From the results it is possible to observe that the control point configurations indeed have a strong effect on the accuracy of homography and planar PnP methods. The amount of improvement when having optimized points in EPnP and IPPE is more pronounced than for LM, which is in itself an interesting result, since IPPE for example is a method that takes considerable less computation time than LM. By having well configured points, the methods converge to the similar error values (see Fig. 5, 6 and Fig. 8). Additionally, as can be seen in Fig. 6, not only the mean is reduced but also the variance, with a more pronounced effect on translation for the three methods. It is remarkable that the point configuration also affects the performance of LM although our optimization objective is not directly related to the minimization of the reprojection error. The results of the real experiment closely match the simulations. An improvement on the condition number is associated with improvements both in homography and pose estimation.

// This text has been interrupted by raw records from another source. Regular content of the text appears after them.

(* (i) For every even integer $q\ge 2$ there exists a $q$-solvable directed graph with $3q/2$ vertices and clique number $q/2$. (ii) For every positive integer $q$ divisible by $3$ there exists a $q$-solvable directed graph on $4q$ vertices with clique number $q/3$. (iii) For every positive integer $q$ divisible by $4$ there exists a $q$-solvable directed graph on $10q$ vertices with clique number $q/4$.
   Context: A directed graph $D=(V,E)$ has arcs $E \subseteq \{(u,v)\in V^2 : u \neq v\}$ (bidirectional pairs allowed). $N^-(v)=\{u:(u,v)\in E\}$. For $q\ge2$ let $[q]=\{0,\dots,q-1\}$. A $D$-function over $[q]$ is a map $f=(f_v)_{v\in V}:[q]^V\to[q]^V$ with each $f_v(x)$ depending only on $(x_u)_{u\in N^-(v)}$. $D$ is $q$-solvable if some $D$-function $f$ over $[q]$ has the property that for every $x\in[q]^V$ there is $v$ with $f_v(x)=x_v$. A clique in a directed graph is a set $S$ of vertices such that $(u,v)$ is an arc for every ordered pair of distinct $u,v\in S$ (i.e. all pairs are joined in both directions); the clique number is the maximum size of a clique. *)

From mathcomp Require Import all_boot.
Set Implicit Arguments. Unset Strict Implicit. Unset Printing Implicit Defensive.

(* A directed graph on the vertex set 'I_n is given by an arc relation
   E : rel 'I_n; loops are forbidden (irreflexivity).  Bidirectional pairs
   are allowed. *)
Definition loopless (n : nat) (E : rel 'I_n) : Prop := forall v, ~~ E v v.

Definition in_nbhd (n : nat) (E : rel 'I_n) (v : 'I_n) : {set 'I_n} :=
  [set u | E u v].

Definition is_Dfunction (n q : nat) (E : rel 'I_n)
  (f : 'I_n -> {ffun 'I_n -> 'I_q} -> 'I_q) : Prop :=
  forall (v : 'I_n) (x y : {ffun 'I_n -> 'I_q}),
    (forall u, u \in in_nbhd E v -> x u = y u) -> f v x = f v y.

Definition q_solvable (n q : nat) (E : rel 'I_n) : Prop :=
  exists f : 'I_n -> {ffun 'I_n -> 'I_q} -> 'I_q,
    is_Dfunction E f /\ forall x : {ffun 'I_n -> 'I_q}, exists v, f v x = x v.

Definition is_clique (n : nat) (E : rel 'I_n) (S : {set 'I_n}) : Prop :=
  forall u v, u \in S -> v \in S -> u != v -> E u v.

Definition clique_number_eq (n : nat) (E : rel 'I_n) (k : nat) : Prop :=
  (exists S : {set 'I_n}, is_clique E S /\ #|S| = k) /\
  (forall S : {set 'I_n}, is_clique E S -> #|S| <= k).

From mathcomp Require Import all_boot zify.
Set Implicit Arguments. Unset Strict Implicit. Unset Printing Implicit Defensive.

(* Each graph is the blow-up of a small oriented graph H:
   every vertex of H becomes a block, a clique of size k, an arc a -> b of H
   becomes all arcs from block a to block b, and surplus vertices are
   isolated.  Cliques then have at most one vertex per offset (two blocks are
   never joined both ways), so the clique number is k.  If H is m-solvable
   via g, the blow-up is (m k)-solvable: a vertex at offset t of block a
   guesses that its block sum is g_a(y) + m t modulo m k, where y lists the
   block sums modulo m; at the block where g is right, the offset determined
   by the block sum guesses right. *)

Definition oriented (h : nat) (H : rel 'I_h) : Prop := forall a b, H a b -> ~~ H b a.

Lemma oriented_loopless (h : nat) (H : rel 'I_h) : oriented H -> loopless H.
Proof. by move=> H_or a; apply/negP => Haa; move: (H_or a a Haa); rewrite Haa. Qed.

(* Solvability is inherited by smaller alphabets: embed [m] into [m'] and
   project the guesses back. *)
Lemma q_solvable_le (h m m' : nat) (H : rel 'I_h) :
  0 < m -> m <= m' -> q_solvable m' H -> q_solvable m H.
Proof.
move=> m_gt0 le_mm' [g [g_local g_solves]].
pose widen (y : {ffun 'I_h -> 'I_m}) : {ffun 'I_h -> 'I_m'} :=
  [ffun b => widen_ord le_mm' (y b)].
exists (fun a y => insubd (Ordinal m_gt0) (val (g a (widen y)))); split.
- move=> a y y' yy'; congr (insubd _ (val _)); apply: g_local => u u_in.
  by rewrite !ffunE yy'.
- move=> y; have [a ga] := g_solves (widen y); exists a.
  by apply: val_inj; rewrite ga ffunE val_insubd /= ltn_ord.
Qed.

Lemma mod_mul_split (m k s : nat) :
  s %% m + m * (s %% (m * k) %/ m) = s %% (m * k).
Proof. by rewrite addnC mulnC {2}(divn_eq (s %% (m * k)) m) modn_dvdm ?dvdn_mulr. Qed.

Lemma mod_add_neg (q a r : nat) : 0 < q -> (a + r + q.-1 * r) %% q = a %% q.
Proof. by move=> q_gt0; rewrite -addnA -mulSn prednK // mulnC addnC modnMDl. Qed.

(* The blow-up of H : rel 'I_h.+1 with blocks of size k on 'I_n: vertex
   v < (h+1)k lies in block v / k at offset v mod k; other vertices are
   isolated. *)
Section BlowUp.
Variables (h k n : nat) (H : rel 'I_h.+1).
Hypothesis k_gt0 : 0 < k.

Definition in_blocks (v : 'I_n) : bool := v < h.+1 * k.

Definition block (v : 'I_n) : 'I_h.+1 := inord (v %/ k).

Definition blowup : rel 'I_n := fun u v =>
  [&& in_blocks u, in_blocks v, u != v & (block u == block v) || H (block u) (block v)].

Lemma block_val v : in_blocks v -> block v = v %/ k :> nat.
Proof. by move=> v_in; rewrite inordK // ltn_divLR. Qed.

Lemma blowup_loopless : loopless blowup.
Proof. by move=> v; rewrite /blowup eqxx !andbF. Qed.

Hypothesis hk_le_n : h.+1 * k <= n.

Fact block_vertex_subproof (a : 'I_h.+1) (t : 'I_k) : a * k + t < n.
Proof. by apply: leq_trans hk_le_n; have := ltn_ord a; have := ltn_ord t; nia. Qed.

Definition block_vertex (a : 'I_h.+1) (t : 'I_k) : 'I_n :=
  Ordinal (block_vertex_subproof a t).

Lemma block_vertex_in a t : in_blocks (block_vertex a t).
Proof. by rewrite /in_blocks /=; have := ltn_ord a; have := ltn_ord t; nia. Qed.

Lemma block_vertexK a t : block (block_vertex a t) = a.
Proof.
apply: val_inj => /=.
by rewrite block_val ?block_vertex_in //= divnMDl // divn_small ?addn0.
Qed.

Lemma block_vertex_mod a t : block_vertex a t %% k = t.
Proof. by rewrite /= modnMDl modn_small. Qed.

Lemma blowup_has_clique : exists S, is_clique blowup S /\ #|S| = k.
Proof.
exists [set block_vertex ord0 t | t : 'I_k]; split.
- move=> _ _ /imsetP[t _ ->] /imsetP[t' _ ->] tt'.
  by rewrite /blowup !block_vertex_in tt' !block_vertexK eqxx.
- rewrite card_imset ?card_ord // => t t' tt'; apply: val_inj.
  by rewrite /= -(block_vertex_mod ord0 t) tt' block_vertex_mod.
Qed.

Hypothesis H_oriented : oriented H.

(* Distinct vertices of a clique have distinct offsets: equal offsets force
   different blocks, which would need opposite arcs of H. *)
Lemma blowup_clique_bound S : is_clique blowup S -> #|S| <= k.
Proof.
move=> S_clique; pose offset (v : 'I_n) : 'I_k := Ordinal (ltn_pmod v k_gt0).
rewrite -(card_in_imset (f := offset)).
  by apply: leq_trans (max_card _) _; rewrite card_ord.
move=> u v uS vS /(congr1 val) /= uv_mod; apply/eqP; apply: contraT => uv.
have /and4P[u_in v_in _ Huv] := S_clique u v uS vS uv.
have vu : v != u by rewrite eq_sym.
have /and4P[_ _ _ Hvu] := S_clique v u vS uS vu.
case: (eqVneq (block u) (block v)) => [uv_block | uv_block] /= in Huv Hvu.
- move: uv; rewrite -val_eqE /= (divn_eq u k) (divn_eq v k) uv_mod.
  by rewrite -!block_val // uv_block eqxx.
- by move: (H_oriented Huv); rewrite Hvu.
Qed.

Lemma blowup_clique_number : clique_number_eq blowup k.
Proof. by split; [exact: blowup_has_clique | exact: blowup_clique_bound]. Qed.

Section Solvable.
Variables (m : nat) (g : 'I_h.+1 -> {ffun 'I_h.+1 -> 'I_m} -> 'I_m).
Hypotheses (m_gt0 : 0 < m) (g_local : is_Dfunction H g).
Hypothesis g_solves : forall y, exists a, g a y = y a.

Local Notation q := (m * k).

Fact q_gt0 : 0 < q.
Proof. by rewrite muln_gt0 m_gt0. Qed.

Definition block_sum (x : {ffun 'I_n -> 'I_q}) (a : 'I_h.+1) : nat :=
  \sum_(u | in_blocks u && (block u == a)) x u.

Definition rest_sum (x : {ffun 'I_n -> 'I_q}) (v : 'I_n) : nat :=
  \sum_(u | in_blocks u && (block u == block v) && (u != v)) x u.

Definition block_label (x : {ffun 'I_n -> 'I_q}) : {ffun 'I_h.+1 -> 'I_m} :=
  [ffun a => Ordinal (ltn_pmod (block_sum x a) m_gt0)].

(* Vertex v at offset t of block a guesses the value making the sum of its
   block congruent to g_a(y) + m t modulo m k; the term (q-1) r stands
   for -r modulo q. *)
Definition blowup_fun (v : 'I_n) (x : {ffun 'I_n -> 'I_q}) : 'I_q :=
  Ordinal (ltn_pmod (if in_blocks v then
      g (block v) (block_label x) + m * (v %% k) + q.-1 * rest_sum x v
    else 0) q_gt0).

(* The guess of v only reads its block and the blocks of its H-predecessors,
   all of which lie in its in-neighbourhood. *)
Lemma blowup_fun_local : is_Dfunction blowup blowup_fun.
Proof.
move=> v x x' xx'; apply: val_inj => /=; case: ifP => // v_in.
have label_local : g (block v) (block_label x) = g (block v) (block_label x').
  apply: g_local => b; rewrite inE => Hbv; rewrite !ffunE; apply: val_inj => /=.
  congr (_ %% _); apply: eq_bigr => u /andP[u_in /eqP ub]; congr val.
  apply: xx'; rewrite inE /blowup u_in v_in ub Hbv orbT andbT /=.
  apply: contraTneq Hbv => uv; rewrite -ub uv; exact: oriented_loopless.
rewrite label_local; suff -> : rest_sum x v = rest_sum x' v by [].
apply: eq_bigr => u /andP[/andP[u_in uv_block] uv]; congr val; apply: xx'.
by rewrite inE /blowup u_in v_in uv uv_block.
Qed.

(* If g guesses right at block a, the vertex of block a at offset
   (s mod mk) / m, where s is the block sum, guesses right. *)
Lemma blowup_fun_fixpoint x : exists v, blowup_fun v x = x v.
Proof.
have [a g_fix] := g_solves (block_label x).
set s := block_sum x a.
have t_lt : s %% q %/ m < k by rewrite ltn_divLR // [k * m]mulnC ltn_pmod ?q_gt0.
pose v := block_vertex a (Ordinal t_lt).
have sE : s = x v + rest_sum x v.
  rewrite /s /block_sum (bigD1 v) /= ?block_vertex_in ?block_vertexK ?eqxx //.
  by rewrite /rest_sum block_vertexK.
exists v; apply: val_inj; rewrite /= block_vertex_in block_vertexK g_fix ffunE /=.
rewrite modnMDl (modn_small t_lt) -/s mod_mul_split modnDml sE mod_add_neg ?q_gt0 //.
exact: modn_small.
Qed.

Lemma blowup_solvable : q_solvable q blowup.
Proof.
by exists blowup_fun; split; [exact: blowup_fun_local | exact: blowup_fun_fixpoint].
Qed.

End Solvable.

End BlowUp.

Lemma blowup_witness (h m k n q : nat) (H : rel 'I_h.+1) :
  0 < m -> 0 < k -> q = m * k -> h.+1 * k <= n -> oriented H -> q_solvable m H ->
  exists E : rel 'I_n, loopless E /\ q_solvable q E /\ clique_number_eq E k.
Proof.
move=> m_gt0 k_gt0 -> hk_le_n H_or [g [g_local g_solves]].
exists (@blowup h k n H); split; [exact: blowup_loopless | split].
- exact: blowup_solvable g_solves.
- exact: blowup_clique_number.
Qed.

Notation prev3 := (@ord_pred 3).

Lemma prev3_inord i : i < 3 -> prev3 (inord i) = inord ((i + 2) %% 3).
Proof. by move=> ilt; apply: val_inj; rewrite /= !inordK //; lia. Qed.

Lemma prev3_neq (b : 'I_3) : prev3 b != b.
Proof. by rewrite -val_eqE /=; have := ltn_ord b; lia. Qed.

Lemma prev3_prev3_neq (b : 'I_3) : prev3 (prev3 b) != b.
Proof. by rewrite -val_eqE /=; have := ltn_ord b; lia. Qed.

Lemma prev3_adjacent (b b' : 'I_3) : b != b' -> (b' == prev3 b) || (b == prev3 b').
Proof.
by rewrite -!val_eqE /=; have := ltn_ord b; have := ltn_ord b'; lia.
Qed.

Lemma forall_ord3 (P : pred 'I_3) :
  [forall j, P j] = [&& P (inord 0), P (inord 1) & P (inord 2)].
Proof.
apply/forallP/and3P => [Pj|[P0 P1 P2] [[|[|[|//]]] jlt]]; first by split; apply: Pj.
- by rewrite (_ : Ordinal jlt = inord 0) //; apply: val_inj; rewrite /= inordK.
- by rewrite (_ : Ordinal jlt = inord 1) //; apply: val_inj; rewrite /= inordK.
- by rewrite (_ : Ordinal jlt = inord 2) //; apply: val_inj; rewrite /= inordK.
Qed.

Optimized point configurations are on average better than random configurations independent on the camera pose. Further on, the smaller the number of control points the more is the relative improvement on the estimates for all of the evaluated methods. For example, the homography estimate using 4 optimal control points is always better than arbitrary point configurations with more points as can be seen in Fig. 10. Choosing more than 4 optimal control points slightly improves the homography estimates and converges for a number of 8 optimal control points. Thus, configuration of the control points has more effect on the accuracy than the number of control points. But increasing number of optimized control points to using LM method even outperforms a large number of random control points.

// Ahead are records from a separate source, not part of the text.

Lemma to_E_from_E (v : Ealg) : to_E a (from_E v) = v.
Proof.
  assert (Dab : d a = d b) by (apply (f_equal d) in op_a_b; rewrite !d_op in op_a_b; lia).
  unfold to_E. destruct v as [k | n]; simpl.
  - destruct (excluded_middle_informative (reaches (line b (Z.succ k)) a)) as [[n Hn] | _].
    + exfalso. rewrite line_iter in Hn. assert (Dn := f_equal d Hn).
      rewrite d_line in Dn. replace (Z.succ k + Z.of_nat n) with 0 in Hn by lia.
      apply a_neq_b. now rewrite <- Hn.
    + f_equal. rewrite d_line. lia.
  - destruct (excluded_middle_informative (reaches (line a (- Z.of_nat n)) a)) as [_ | na].
    + f_equal. rewrite d_line. lia.
    + exfalso. apply na. exists n. rewrite line_iter.
      now replace (- Z.of_nat n + Z.of_nat n) with 0 by lia.
Qed.

Lemma V1_A_E : V1 A Ealg.
Proof. exact (V1_retract A Ealg from_E (to_E a) from_E_hom (to_E_hom a) to_E_from_E). Qed.

End Branch.

Definition to_power (x : A) : prod_alg A (fun _ => Ealg) := fun a => to_E a x.

Lemma to_power_hom : is_hom to_power.
Proof. intro x. apply functional_extensionality_dep. intro a. apply to_E_hom. Qed.

Lemma to_power_inj (x y : A) : to_power x = to_power y -> x = y.
Proof.
  intro E. apply (to_E_eq_self y). rewrite <- (to_E_self y).
  exact (f_equal (fun u => u y) E).
Qed.

Lemma V1_E_A : V1 Ealg A.
Proof.
  destruct (carrier_ne A) as [c].
  set (g := fun u : prod_alg A (fun _ => Ealg) => line c (E_level (u c))).
  assert (g_hom : is_hom g).
  { intro u. unfold g. rewrite line_succ. f_equal. apply E_level_hom. }
  destruct (split_embedding A _ to_power g p to_power_hom to_power_inj g_hom p_section)
    as [r [r_hom r_split]].
  apply (V1_trans _ (prod_alg A (fun _ => Ealg))); [apply V1_power|].
  exact (V1_retract _ _ _ _ to_power_hom r_hom r_split).
Qed.

Lemma branch_exists :
  connected A -> ~ isomorphic A Zalg -> exists a b : A, a <> b /\ op a = op b.
Proof.
  intros conn not_Z. apply NNPP. intro none. apply not_Z, (iso_Z_of_op_injective conn).
  intros x y E. apply NNPP. intro neq. apply none. now exists x, y.
Qed.

End Leveled.

Theorem lemma4p1 (A : mua) :
  connected A -> ~ has_cycle A ->
  ~ isomorphic A Zalg ->
  (forall x : A, in_inf A x) ->
  forall B : mua, V1 A B <-> V1 Ealg B.
Proof.
  intros conn acyc not_Z inf B.
  destruct (level_exists A conn acyc) as [d d_op].
  destruct (pred_section_exists A inf) as [p p_section].
  destruct (branch_exists A d p d_op p_section conn not_Z) as [a [b [a_neq_b op_a_b]]].
  assert (VAE := V1_A_E A d p d_op p_section a b a_neq_b op_a_b).
  assert (VEA := V1_E_A A d p d_op p_section).
  split; apply V1_trans; assumption.
Qed.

As can be seen on Fig. 12 the most common minima for the 4-point case is a square-like shape, and as shown on Fig 13 even for the 5-point case the corners of a square-like shape are common. In Figures 4,  610 and 11 it can be seen that the square is always the lower boundary both for the condition number and the estimation error. On average a perfect square is the most robust shape for homography and pose estimation from four points. This makes sense, since orthogonality and point separation improve the robustness of the SVD.

Vi Conclusions and future work

A method for obtaining optimal control points for homography estimation using an optimization approach is presented. The lower the number of control points the more the configuration of the points on the object plane has an influence on the accuracy of homography and PnP estimation methods. It was proven that a square is a very stable and robust configuration for all camera poses. For more point configurations the configurations meet the general rule of being maximally separated in object space with equal distances between each other including the optimized 4-point configuration as a subset. Finally, we found that there is almost no difference in accuracy between IPPE and LM for optimized point configurations but IPPE is much faster because it is a direct and not an iterative method. In future work, we will try to generalize the results to non-planar point configurations.